In December 2006, Nelson released a self-financed live album. After that, he signed with Integrity Music and started working on his first full-length studio album. In February 2008, Nelson released Right Now Praise. The next year, he was nominated for a Dove Award for New Artist of the Year. That same year, he accepted the position of minister of music at The Faith Center with Bishop Henry Fernandez Sunrise, Florida and Empowerment Temple Church with Dr. Jamal Bryant Baltimore, Maryland. In 2010, he released his second album titled Better Days.

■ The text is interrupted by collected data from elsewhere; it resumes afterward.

Lemma data_increment_bound (t : R) : 0 <= t <= / INR M ->
  sum_n_m (fun l => (H (node M l + t) - P (node M l)) ^ 2) 0 (M - 1) <= INR M * A + B.
Proof.
  intros Ht; rewrite sumR_first by lia.
  assert (Hfirst : (H (node M 0 + t) - P (node M 0)) ^ 2 <= B).
  { pose proof (shifted_node_range 0 t ltac:(lia) Ht) as Hr.
    rewrite node_0, sine_poly_at_0, Rminus_0_r in *; apply H_bound, Hr. }
  assert (Hrest : sum_n_m (fun l => (H (node M l + t) - P (node M l)) ^ 2) 1 (M - 1) <= INR M * A).
  { apply Rle_trans with (sum_n_m (fun _ => A) 1 (M - 1)).
    - apply sumR_le; intros l Hl; rewrite P_nodes by lia.
      apply H_oscillation; [apply shifted_node_range; [lia | exact Ht] | apply node_range; lia|].
      replace (node M l + t - node M l) with t by ring; rewrite Rabs_right; lra.
    - rewrite sumR_const; apply Rmult_le_compat_r; [lra | apply le_INR; lia]. }
  lra.
Qed.

(** Increments of the interpolant over one cell: by monotonicity of the
    increment energy in the shift they are dominated by the increments
    between consecutive nodes, i.e. by the oscillation of the data. *)
Lemma interpolant_increment_bound (t : R) : 0 <= t <= / INR M ->
  sum_n_m (fun l => (P (node M l + t) - P (node M l)) ^ 2) 0 (M - 1) <= 2 * INR M * A + 4 * B.
Proof.
  intros Ht.
  apply Rle_trans with (sum_n_m (fun l => (P (node M l + t) - P (node M l)) ^ 2) 0 (2 * M - 1)).
  { rewrite (sum_n_m_Chasles _ 0 (M - 1) (2 * M - 1)) by lia.
    change (plus ?x ?y) with (x + y).
    assert (0 <= sum_n_m (fun l => (P (node M l + t) - P (node M l)) ^ 2) (S (M - 1)) (2 * M - 1))
      by (apply sumR_nonneg; intros; apply pow2_ge_0).
    lra. }
  eapply Rle_trans; [apply increment_energy_mono; assumption|].
  rewrite (sumR_ext _ (fun l => (P (node M (S l)) - P (node M l)) ^ 2)).
  2: { intros l _; rewrite S_INR; do 3 f_equal; field; lra. }
  apply (grid_increment_bound M M_ge2 (fun l => P (node M l))); auto.
  - rewrite node_0; apply sine_poly_at_0.
  - simpl; replace (INR M / INR M) with 1 by (field; lra); apply sine_poly_at_1.
  - intros l Hl; apply sine_poly_reflect; lia.
  - intros l Hl; rewrite P_nodes by lia; apply H_bound, node_range; lia.
  - intros l Hl1 Hl2; rewrite !P_nodes by lia.
    apply H_oscillation; [apply node_range; lia | apply node_range; lia|].
    rewrite S_INR; replace ((INR l + 1) / INR M - INR l / INR M) with (/ INR M) by (field; lra).
    rewrite Rabs_right; [lra | left; apply Rinv_0_lt_compat, M_pos].
Qed.

(** The squared error summed over the [M] translates of a point of the first
    cell, via [(a - b)^2 <= 2 (a - c)^2 + 2 (b - c)^2] with [c = P(y_l)]. *)
Lemma cell_error_bound (t : R) : 0 <= t <= / INR M ->
  sum_n_m (fun l => (H (node M l + t) - P (node M l + t)) ^ 2) 0 (M - 1)
  <= 6 * INR M * A + 10 * B.
Proof.
  intros Ht.
  apply Rle_trans with (sum_n_m (fun l => 2 * (H (node M l + t) - P (node M l)) ^ 2
                                          + 2 * (P (node M l + t) - P (node M l)) ^ 2) 0 (M - 1)).
  - apply sumR_le; intros l _.
    pose proof (pow2_ge_0 (H (node M l + t) - P (node M l) + (P (node M l + t) - P (node M l)))).
    nra.
  - rewrite sumR_plus, !sumR_scal_l.
    pose proof (data_increment_bound t Ht); pose proof (interpolant_increment_bound t Ht).
    lra.
Qed.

In 2016, Nelson released Fearless, with Light Records/Entertainment One Music (eOne Music).

== Personal life ==

Born and raised in Baltimore, Maryland to James D. Nelson and Bessie Nelson. He has three older siblings Anthony, Janice and James Jr, as well as his twin Jason. He got his education in Baltimore City public school system.

== Discography ==
- Live in Baltimore: Everything You Are
- Right Now Praise, No. 7 on the Top Gospel Albums
- Better Days, No. 105 Billboard 200, and No. 4 on the Top Gospel Albums
- My Name is Victory
- Finish Strong (2013), No. 47 Billboard 200, and No. 1 on the Top Gospel Albums
- Fearless (2016), No. 117 Billboard 200

==Awards and nominations==

Jonathan Nelson was nominated for a Dove Award for New Artist of the Year at the 40th GMA Dove Awards.